The reason I missed out on all those life skills of course is that mine was a traditional South African middle class family of the eighties. We had a sleep in maid most of the time. The maid always washed the floors!
I started late but I’m an expert by now
Well, I am forty now and for most of my adult life I have done the cleaning myself. No-one can count how many times I have washed floors. In fact, I am quite a pro. I can even write a blog about my preferences. 😉
- I hate traditional mops. They stink. And all they do is slop dirty water around on the floor.
- I hate dipping my mop into a bucket of dirty water. I cannot imagine dirty water cleaning anything.
- I dislike wax based detergents that promise to clean and polish your floor at the same time. They cause wax build up that eventually discolours and then your grouting is permanently dirty!

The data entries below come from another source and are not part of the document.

(* Let $R\subseteq S_n$ be a top-$k$ partial ranking, $\sigma\in R$ and $\tau\in S_n$. Then $$d(A_R(\sigma),\tau)=d(\sigma,\tau)+\binom{n-k}2-2\,d(\sigma,\Pi_R(\tau)).$$
   Context: $S_n$ is the symmetric group on $[n]$; $\sigma\in S_n$ is identified with the full ranking $\sigma(1)\succ\cdots\succ\sigma(n)$. For distinct items $x,y$, $\{x,y\}$ is discordant for $\sigma,\tau$ if $(\sigma^{-1}(x)-\sigma^{-1}(y))(\tau^{-1}(x)-\tau^{-1}(y))<0$. The Kendall distance $d(\sigma,\tau)$ is the number of unordered discordant pairs. For $0\le k\le n$ and distinct $a_1,\dots,a_k\in[n]$, the top-$k$ partial ranking is the set $R=\{\sigma\in S_n:\sigma(i)=a_i,\ i\le k\}$. The antithetic operator $A_R:R\to R$ is $A_R(\sigma)(i)=a_i$ for $i\le k$ and $A_R(\sigma)(k+j)=\sigma(n+1-j)$ for $j=1,\dots,n-k$. For $\tau\in S_n$, $\Pi_R(\tau)$ denotes the unique element of $R$ minimising $\rho\mapsto d(\rho,\tau)$ over $\rho\in R$. *)

(* Items [n] and positions 1..n are 0-indexed: 'I_n. *)
From HB Require Import structures.
From mathcomp Require Import all_boot all_order all_algebra all_fingroup.
Set Implicit Arguments. Unset Strict Implicit. Unset Printing Implicit Defensive.
Import Order.TTheory GRing.Theory Num.Theory.

Definition pos n (s : {perm 'I_n}) (x : 'I_n) : int := (nat_of_ord ((s^-1)%g x))%:Z.

Definition discordant n (s t : {perm 'I_n}) (x y : 'I_n) : bool :=
  ((pos s x - pos s y) * (pos t x - pos t y) < 0)%R.

Definition kendall n (s t : {perm 'I_n}) : nat :=
  #|[set p : 'I_n * 'I_n | (p.1 < p.2)%N && discordant s t p.1 p.2]|.

(* Top-k partial ranking given by distinct a_0..a_{k-1} (a : 'I_k -> 'I_n injective):
   s(i) = a_i for every position i < k. *)
Definition in_topk n k (a : 'I_k -> 'I_n) (s : {perm 'I_n}) : Prop :=
  forall (i : 'I_n) (j : 'I_k), nat_of_ord i = nat_of_ord j -> s i = a j.

(* The antithetic operator, 0-indexed: A(s)(i) = a_i for i < k, and
   A(s)(i) = s(n-1+k-i) for k <= i < n. *)
Definition anti_fun n k (a : 'I_k -> 'I_n) (s : {perm 'I_n}) (i : 'I_n) : 'I_n :=
  if insub (nat_of_ord i) : option 'I_k is Some j then a j
  else s (insubd i (n.-1 + k - i)%N).

(* as a permutation; the formula is injective whenever s lies in R,
   which is the only case used (A_R : R -> R). *)
Definition anti n k (a : 'I_k -> 'I_n) (s : {perm 'I_n}) : {perm 'I_n} :=
  match boolP (injectiveb (anti_fun a s)) with
  | AltTrue h => perm (injectiveP _ h)
  | AltFalse _ => s
  end.

(* rho is the (unique) minimiser of rho |-> d(rho,t) over R, i.e. rho = Pi_R(t) *)
Definition is_proj n k (a : 'I_k -> 'I_n) (t rho : {perm 'I_n}) : Prop :=
  in_topk a rho /\ forall r : {perm 'I_n}, in_topk a r -> (kendall rho t <= kendall r t)%N.

(* Call a pair of items a tail pair when neither item is among a_1..a_k.
   Two rankings of R order every other pair the same way, so on non-tail pairs
   their discordances with any tau coincide.  A_R(sigma) reverses sigma on the
   tail, so it is discordant with tau on exactly the tail pairs where sigma is
   concordant with tau.  Since R contains a ranking that orders the tail like
   tau, the projection Pi_R(tau) must order the tail like tau; hence
   d(sigma, Pi_R(tau)) counts the tail pairs discordant for sigma and tau, and
   the identity follows by counting tail pairs, of which there are C(n-k,2). *)

From mathcomp Require Import all_boot all_order all_algebra all_fingroup.
From mathcomp Require Import zify.
Import Order.TTheory GRing.Theory Num.Theory.
Set Implicit Arguments. Unset Strict Implicit. Unset Printing Implicit Defensive.

Lemma index_filter_lt (T : eqType) (P : pred T) (s : seq T) (x y : T) :
  x \in filter P s -> y \in filter P s ->
  (index x (filter P s) < index y (filter P s))%N = (index x s < index y s)%N.
Proof.
elim: s => //= z s IHs; case Pz: (P z) => /=.
- rewrite !inE; have [<- _|zx /= xs] := eqVneq z x.
    by case: (z == y).
  have [<- //|zy /= ys] := eqVneq z y.
  by rewrite ltnS IHs.
- move=> xs ys; have zx : z != x by apply: contraTneq xs => <-; rewrite mem_filter Pz.
  have zy : z != y by apply: contraTneq ys => <-; rewrite mem_filter Pz.
  by rewrite /= (negPf zx) (negPf zy) ltnS IHs.
Qed.

Lemma ord_ltn_neq m (x y : 'I_m) : (x < y)%N -> x != y.
Proof. by apply: contraTneq => ->; rewrite ltnn. Qed.

Section Kendall.
Variable n : nat.
Implicit Types (u v w : {perm 'I_n}) (x y : 'I_n).

Definition prec u x y := ((u^-1)%g x < (u^-1)%g y)%N.

Lemma precN u x y : x != y -> prec u y x = ~~ prec u x y.
Proof.
by move=> xy; rewrite /prec ltnNge leq_eqVlt val_eqE (inj_eq perm_inj) (negPf xy).
Qed.

Lemma discordant_prec u v x y : x != y -> discordant u v x y = (prec u x y != prec v x y).
Proof.
move=> xy; rewrite /discordant /pos mulr_lt0 !subr_lt0 !subr_eq0 !ltz_nat !eqz_nat.
rewrite !val_eqE !(inj_eq perm_inj) (negPf xy) /prec.
by case: (_ < _)%N; case: (_ < _)%N.
Qed.

Definition discord_set u v :=
  [set p : 'I_n * 'I_n | (p.1 < p.2)%N && discordant u v p.1 p.2].

Lemma card_discord_set u v : #|discord_set u v| = kendall u v.
Proof. by []. Qed.

Lemma discord_setC u v : discord_set u v = discord_set v u.
Proof. by apply/setP => p; rewrite !inE /discordant mulrC. Qed.

Lemma discord_set_id u : discord_set u u = set0.
Proof.
apply/setP => -[x y]; rewrite !inE /=; case: ltnP => //= xy.
by rewrite discordant_prec ?ord_ltn_neq // eqxx.
Qed.

Lemma discord_setI_agree (P : {set 'I_n * 'I_n}) u v w :
  (forall p, p \in P -> (p.1 < p.2)%N -> prec v p.1 p.2 = prec w p.1 p.2) ->
  discord_set u v :&: P = discord_set u w :&: P.
Proof.
move=> vw; apply/setP => -[x y]; rewrite !inE /=.
case Pxy: ((x, y) \in P); rewrite ?andbF //.
case: ltnP => //= xy.
by rewrite !discordant_prec ?ord_ltn_neq // (vw _ Pxy).
Qed.

Lemma card_ltn_pairs (A : {set 'I_n}) :
  #|[set p : 'I_n * 'I_n | [&& (p.1 < p.2)%N, p.1 \in A & p.2 \in A]]| = 'C(#|A|, 2).
Proof.
rewrite -cards_draws; set T := [set p | _].
pose pair_set (p : 'I_n * 'I_n) := [set p.1; p.2].
have inj_pair_set : {in T &, injective pair_set}.
  move=> [x1 y1] [x2 y2]; rewrite !inE /pair_set /= => /andP[lt1 _] /andP[lt2 _] E.
  have : x1 \in [set x2; y2] by rewrite -E set21.
  have : y1 \in [set x2; y2] by rewrite -E set22.
  rewrite !in_set2 => /orP[]/eqP y1E /orP[]/eqP x1E; subst; rewrite ?ltnn // in lt1.
  by have := ltn_trans lt1 lt2; rewrite ltnn.
rewrite -(card_in_imset inj_pair_set); apply: eq_card => B; apply/imsetP/idP.
  case=> -[x y]; rewrite !inE /= => /and3P[xy xA yA] ->.
  rewrite /pair_set /= cards2 ord_ltn_neq // andbT.
  by apply/subsetP => z; rewrite !inE => /orP[]/eqP->.
rewrite inE => /andP[BA /cards2P[x [y [xy EB]]]].
have xA : x \in A by apply: (subsetP BA); rewrite EB set21.
have yA : y \in A by apply: (subsetP BA); rewrite EB set22.
move: xy; rewrite -val_eqE neq_ltn => /orP[lt|lt].
  by exists (x, y); rewrite ?inE /= ?lt ?xA ?yA.
by exists (y, x); rewrite ?inE /= ?lt ?xA ?yA // EB /pair_set setUC.
Qed.

Lemma index_map_perm u x : index x (map u (enum 'I_n)) = (u^-1)%g x.
Proof. by rewrite -{1}(permKV u x) index_map ?index_enum_ord //; apply: perm_inj. Qed.

Lemma perm_of_seq (L : seq 'I_n) : perm_eq L (enum 'I_n) ->
  exists u : {perm 'I_n}, map u (enum 'I_n) = L.
Proof.
rewrite -val_ord_tuple => /tuple_permP[u ->]; exists u.
by apply: eq_map => i; rewrite tnth_ord_tuple.
Qed.

End Kendall.

Section TopK.
Variables (n k : nat) (a : 'I_k -> 'I_n).
Hypotheses (le_kn : (k <= n)%N) (a_inj : injective a).
Implicit Types (s t u v w : {perm 'I_n}) (x y : 'I_n).

Definition tail := [set x | x \notin codom a].

Definition tail_pairs :=
  [set p : 'I_n * 'I_n | [&& (p.1 < p.2)%N, p.1 \in tail & p.2 \in tail]].

Lemma card_tail : #|tail| = (n - k)%N.
Proof.
have E : (#|codom a| + #|[predC codom a]| = n)%N by rewrite cardC card_ord.
rewrite card_codom // card_ord in E.
by rewrite -{}[in RHS]E addKn; apply: eq_card => x; rewrite !inE.
Qed.

Lemma card_tail_pairs : #|tail_pairs| = 'C(n - k, 2).
Proof. by rewrite -card_tail -card_ltn_pairs. Qed.

Lemma topk_pos u (i : 'I_k) : in_topk a u -> val ((u^-1)%g (a i)) = i.
Proof.
move=> uR; have lt_in : (i < n)%N := leq_trans (ltn_ord i) le_kn.
by rewrite -(uR (Ordinal lt_in) i erefl) permK.
Qed.

Lemma topk_tail_pos u x : in_topk a u -> (k <= (u^-1)%g x)%N = (x \in tail).
Proof.
move=> uR; rewrite inE; apply/idP/idP => [le_kx|].
  by apply/codomP => -[i xE]; move: le_kx; rewrite xE topk_pos // leqNgt ltn_ord.
apply: contraNT; rewrite -ltnNge => lt_xk; apply/codomP; exists (Ordinal lt_xk).
by rewrite -(uR _ (Ordinal lt_xk) erefl) permKV.
Qed.

Lemma topk_before u (i : 'I_k) y : in_topk a u -> y \in tail ->
  ((u^-1)%g (a i) < (u^-1)%g y)%N.
Proof. by move=> uR yT; rewrite topk_pos // (leq_trans (ltn_ord i)) ?topk_tail_pos. Qed.

Lemma prec_topk u w x y : in_topk a u -> in_topk a w ->
  ~~ ((x \in tail) && (y \in tail)) -> prec u x y = prec w x y.
Proof.
move=> uR wR; rewrite /prec.
have top z : z \notin tail -> exists i, z = a i by rewrite inE negbK => /codomP.
have [xT|/top[i ->]] := boolP (x \in tail);
  have [yT|/top[j ->]] := boolP (y \in tail) => //.
- by rewrite !leq_gtF ?(ltnW (topk_before _ _ xT)).
- by rewrite !topk_before.
- by rewrite !topk_pos.
Qed.

Lemma discord_setD_topk v u w : in_topk a u -> in_topk a w ->
  discord_set u v :\: tail_pairs = discord_set w v :\: tail_pairs.
Proof.
move=> uR wR; rewrite !setDE discord_setC [discord_set w v]discord_setC.
apply: discord_setI_agree => -[x y]; rewrite in_setC inE /= => not_tail lt_xy.
by apply: prec_topk; rewrite lt_xy in not_tail.
Qed.

Definition mirror (i : 'I_n) : 'I_n :=
  if (i < k)%N then i else insubd i (n.-1 + k - i).

Lemma val_mirror_tail (i : 'I_n) : (k <= i)%N -> val (mirror i) = (n.-1 + k - i)%N.
Proof.
move=> le_ki; rewrite /mirror ltnNge le_ki /= val_insubd ifT //.
by have := ltn_ord i; lia.
Qed.

Lemma mirrorK : involutive mirror.
Proof.
move=> i; case: (ltnP i k) => [lt_ik|le_ki]; first by rewrite /mirror !lt_ik.
have lt_in := ltn_ord i.
have le_km : (k <= mirror i)%N by rewrite val_mirror_tail //; lia.
by apply: val_inj => /=; rewrite !val_mirror_tail //; lia.
Qed.

Lemma anti_funE s : in_topk a s -> anti_fun a s =1 s \o mirror.
Proof.
move=> sR i; rewrite /anti_fun /mirror /=; case: ltnP => [lt_ik|le_ki].
  by rewrite insubT /= (sR i (Ordinal lt_ik)).
by rewrite insubF // ltnNge le_ki.
Qed.

Lemma anti_fun_inj s : in_topk a s -> injective (anti_fun a s).
Proof.
move=> sR; apply: eq_inj (inj_comp (@perm_inj _ s) (can_inj mirrorK)) _.
by move=> i; rewrite anti_funE.
Qed.

Lemma antiE s : in_topk a s -> anti a s =1 s \o mirror.
Proof.
move=> sR i; rewrite /anti; destruct boolP as [inj_anti|not_inj].
  by rewrite permE anti_funE.
by case/negP: not_inj; apply/injectiveP; apply: anti_fun_inj.
Qed.

Lemma anti_topk s : in_topk a s -> in_topk a (anti a s).
Proof. by move=> sR i j ij; rewrite antiE //= /mirror ij ltn_ord; apply: sR. Qed.

Lemma anti_inv s x : in_topk a s -> ((anti a s)^-1)%g x = mirror ((s^-1)%g x).
Proof.
by move=> sR; apply: (@perm_inj _ (anti a s)); rewrite permKV antiE //= mirrorK permKV.
Qed.

Lemma prec_anti s x y : in_topk a s -> x \in tail -> y \in tail ->
  prec (anti a s) x y = prec s y x.
Proof.
move=> sR; rewrite -!(topk_tail_pos _ sR) /prec !anti_inv // => le_kx le_ky.
rewrite !val_mirror_tail //; have := ltn_ord ((s^-1)%g x); have := ltn_ord ((s^-1)%g y).
by move=> *; apply/idP/idP; lia.
Qed.

Lemma discord_set_anti s v : in_topk a s ->
  discord_set (anti a s) v :&: tail_pairs = tail_pairs :\: discord_set s v.
Proof.
move=> sR; apply/setP => -[x y]; rewrite in_setI in_setD.
case tp: ((x, y) \in tail_pairs); rewrite ?andbF ?andbT //.
move: tp; rewrite inE /= => /and3P[lt_xy xT yT]; rewrite !inE /= lt_xy /=.
rewrite !discordant_prec ?ord_ltn_neq // prec_anti // precN ?ord_ltn_neq //.
by case: (prec s x y); case: (prec v x y).
Qed.

Lemma exists_topk_agree t : exists2 r, in_topk a r &
  forall x y, x \in tail -> y \in tail -> prec r x y = prec t x y.
Proof.
pose top := map a (enum 'I_k).
pose bottom := [seq x <- map t (enum 'I_n) | x \in tail].
have in_image x : x \in map t (enum 'I_n) by rewrite -[x](permKV t) map_f ?mem_enum.
have notin_top x : x \in tail -> x \notin top.
  by rewrite inE; apply: contra => /mapP[i _ ->]; apply: codom_f.
have perm_L : perm_eq (top ++ bottom) (enum 'I_n).
  apply: uniq_perm => [||x]; rewrite ?enum_uniq //.
    rewrite cat_uniq map_inj_uniq ?enum_uniq //=; apply/andP; split.
      by apply/hasPn => x; rewrite mem_filter => /andP[xT _]; apply: notin_top.
    by rewrite filter_uniq // map_inj_uniq ?enum_uniq //; apply: perm_inj.
  rewrite mem_enum mem_cat mem_filter in_image andbT.
  have [//|] := boolP (x \in tail); rewrite ?orbT // inE negbK => /codomP[i ->].
  by rewrite map_f ?mem_enum.
have [r rE] := perm_of_seq perm_L.
have indexE x : index x (top ++ bottom) = (r^-1)%g x by rewrite -rE index_map_perm.
exists r.
  move=> i j ij; rewrite -[a j](permKV r); congr (r _); apply: val_inj.
  by rewrite /= -indexE index_cat map_f ?mem_enum // index_map // index_enum_ord.
move=> x y xT yT; rewrite /prec -!indexE !index_cat (negPf (notin_top _ xT)).
rewrite (negPf (notin_top _ yT)) ltn_add2l index_filter_lt ?mem_filter ?xT ?yT ?in_image //.
by rewrite !index_map_perm.
Qed.

Lemma proj_agree t rho : is_proj a t rho ->
  forall p, p \in tail_pairs -> prec rho p.1 p.2 = prec t p.1 p.2.
Proof.
move=> [rhoR rho_min]; have [r rR r_t] := exists_topk_agree t.
have kendallE u : in_topk a u ->
    kendall u t = (#|discord_set u t :&: tail_pairs| + #|discord_set r t :\: tail_pairs|)%N.
  by move=> uR; rewrite -(discord_setD_topk t uR rR) -card_discord_set cardsID.
have r_t0 : discord_set r t :&: tail_pairs = set0.
  rewrite (@discord_setI_agree _ _ _ _ r) ?discord_set_id ?set0I // => -[x y].
  by rewrite inE /= => /and3P[_ xT yT] _; rewrite r_t.
have rho_t0 : discord_set rho t :&: tail_pairs = set0.
  apply/eqP; rewrite -cards_eq0 -leqn0.
  by have := rho_min r rR; rewrite !kendallE // r_t0 cards0 leq_add2r.
move=> [x y] tp; have := tp; rewrite inE /= => /and3P[lt_xy _ _].
have : (x, y) \notin discord_set rho t :&: tail_pairs by rewrite rho_t0 inE.
rewrite in_setI tp andbT inE /= lt_xy discordant_prec ?ord_ltn_neq //.
by rewrite negbK => /eqP.
Qed.

End TopK.

Theorem lemma6 (n k : nat) (a : 'I_k -> 'I_n) (s t rho : {perm 'I_n}) :
  (k <= n)%N -> injective a ->
  in_topk a s -> is_proj a t rho ->
  ((kendall (anti a s) t)%:Z =
     (kendall s t)%:Z + ('C(n - k, 2))%:Z - 2 * (kendall s rho)%:Z)%R.
Proof.
move=> le_kn a_inj sR rho_proj; have rhoR := rho_proj.1.
set TT := tail_pairs a.
have kendall_split u v : kendall u v = (#|discord_set u v :&: TT| + #|discord_set u v :\: TT|)%N.
  by rewrite -card_discord_set cardsID.
have anti_tail : #|discord_set (anti a s) t :&: TT| = (#|TT| - #|discord_set s t :&: TT|)%N.
  by rewrite discord_set_anti // cardsD setIC.
have anti_off : discord_set (anti a s) t :\: TT = discord_set s t :\: TT.
  by apply: discord_setD_topk => //; apply: anti_topk.
have rho_tail : discord_set s rho :&: TT = discord_set s t :&: TT.
  by apply: discord_setI_agree => p /(proj_agree le_kn a_inj rho_proj).
have rho_off : discord_set s rho :\: TT = set0.
  by rewrite (discord_setD_topk le_kn rho sR rhoR) discord_set_id set0D.
have le_TT : (#|discord_set s t :&: TT| <= #|TT|)%N by rewrite subset_leq_card ?subsetIr.
rewrite !kendall_split anti_tail anti_off rho_tail rho_off cards0 card_tail_pairs // in le_TT *.
lia.
Qed.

My method? I like a broad, flat microfiber mop. I spray our very own FLOOR onto the floor, neat, and wipe it off with the mop. Then I rinse the mop in clean water (normally running water at the bath or whichever tap is closest at the moment) and repeat until the job is done. The next time I go over the floor with water only. This way I know the microbes are on the floor long enough to do their job, and the soap is eventually rinsed off. Not that leaving it on the floor would be a problem, really. FLOOR does not contain anything that could build up.
And my kids help. I will not let them turn 18 before washing a floor. Washing floors is as much a part of life as brushing your teeth and I will teach them how to do it. I will resist the notion that certain mundane skills are not important to learn because someone else will do it. Any skill enables. And being able to just ‘get on with it’ is priceless too.
Still, my house is only ever spotless two minutes before guests arrive. Even with help. Please tell me I am not alone?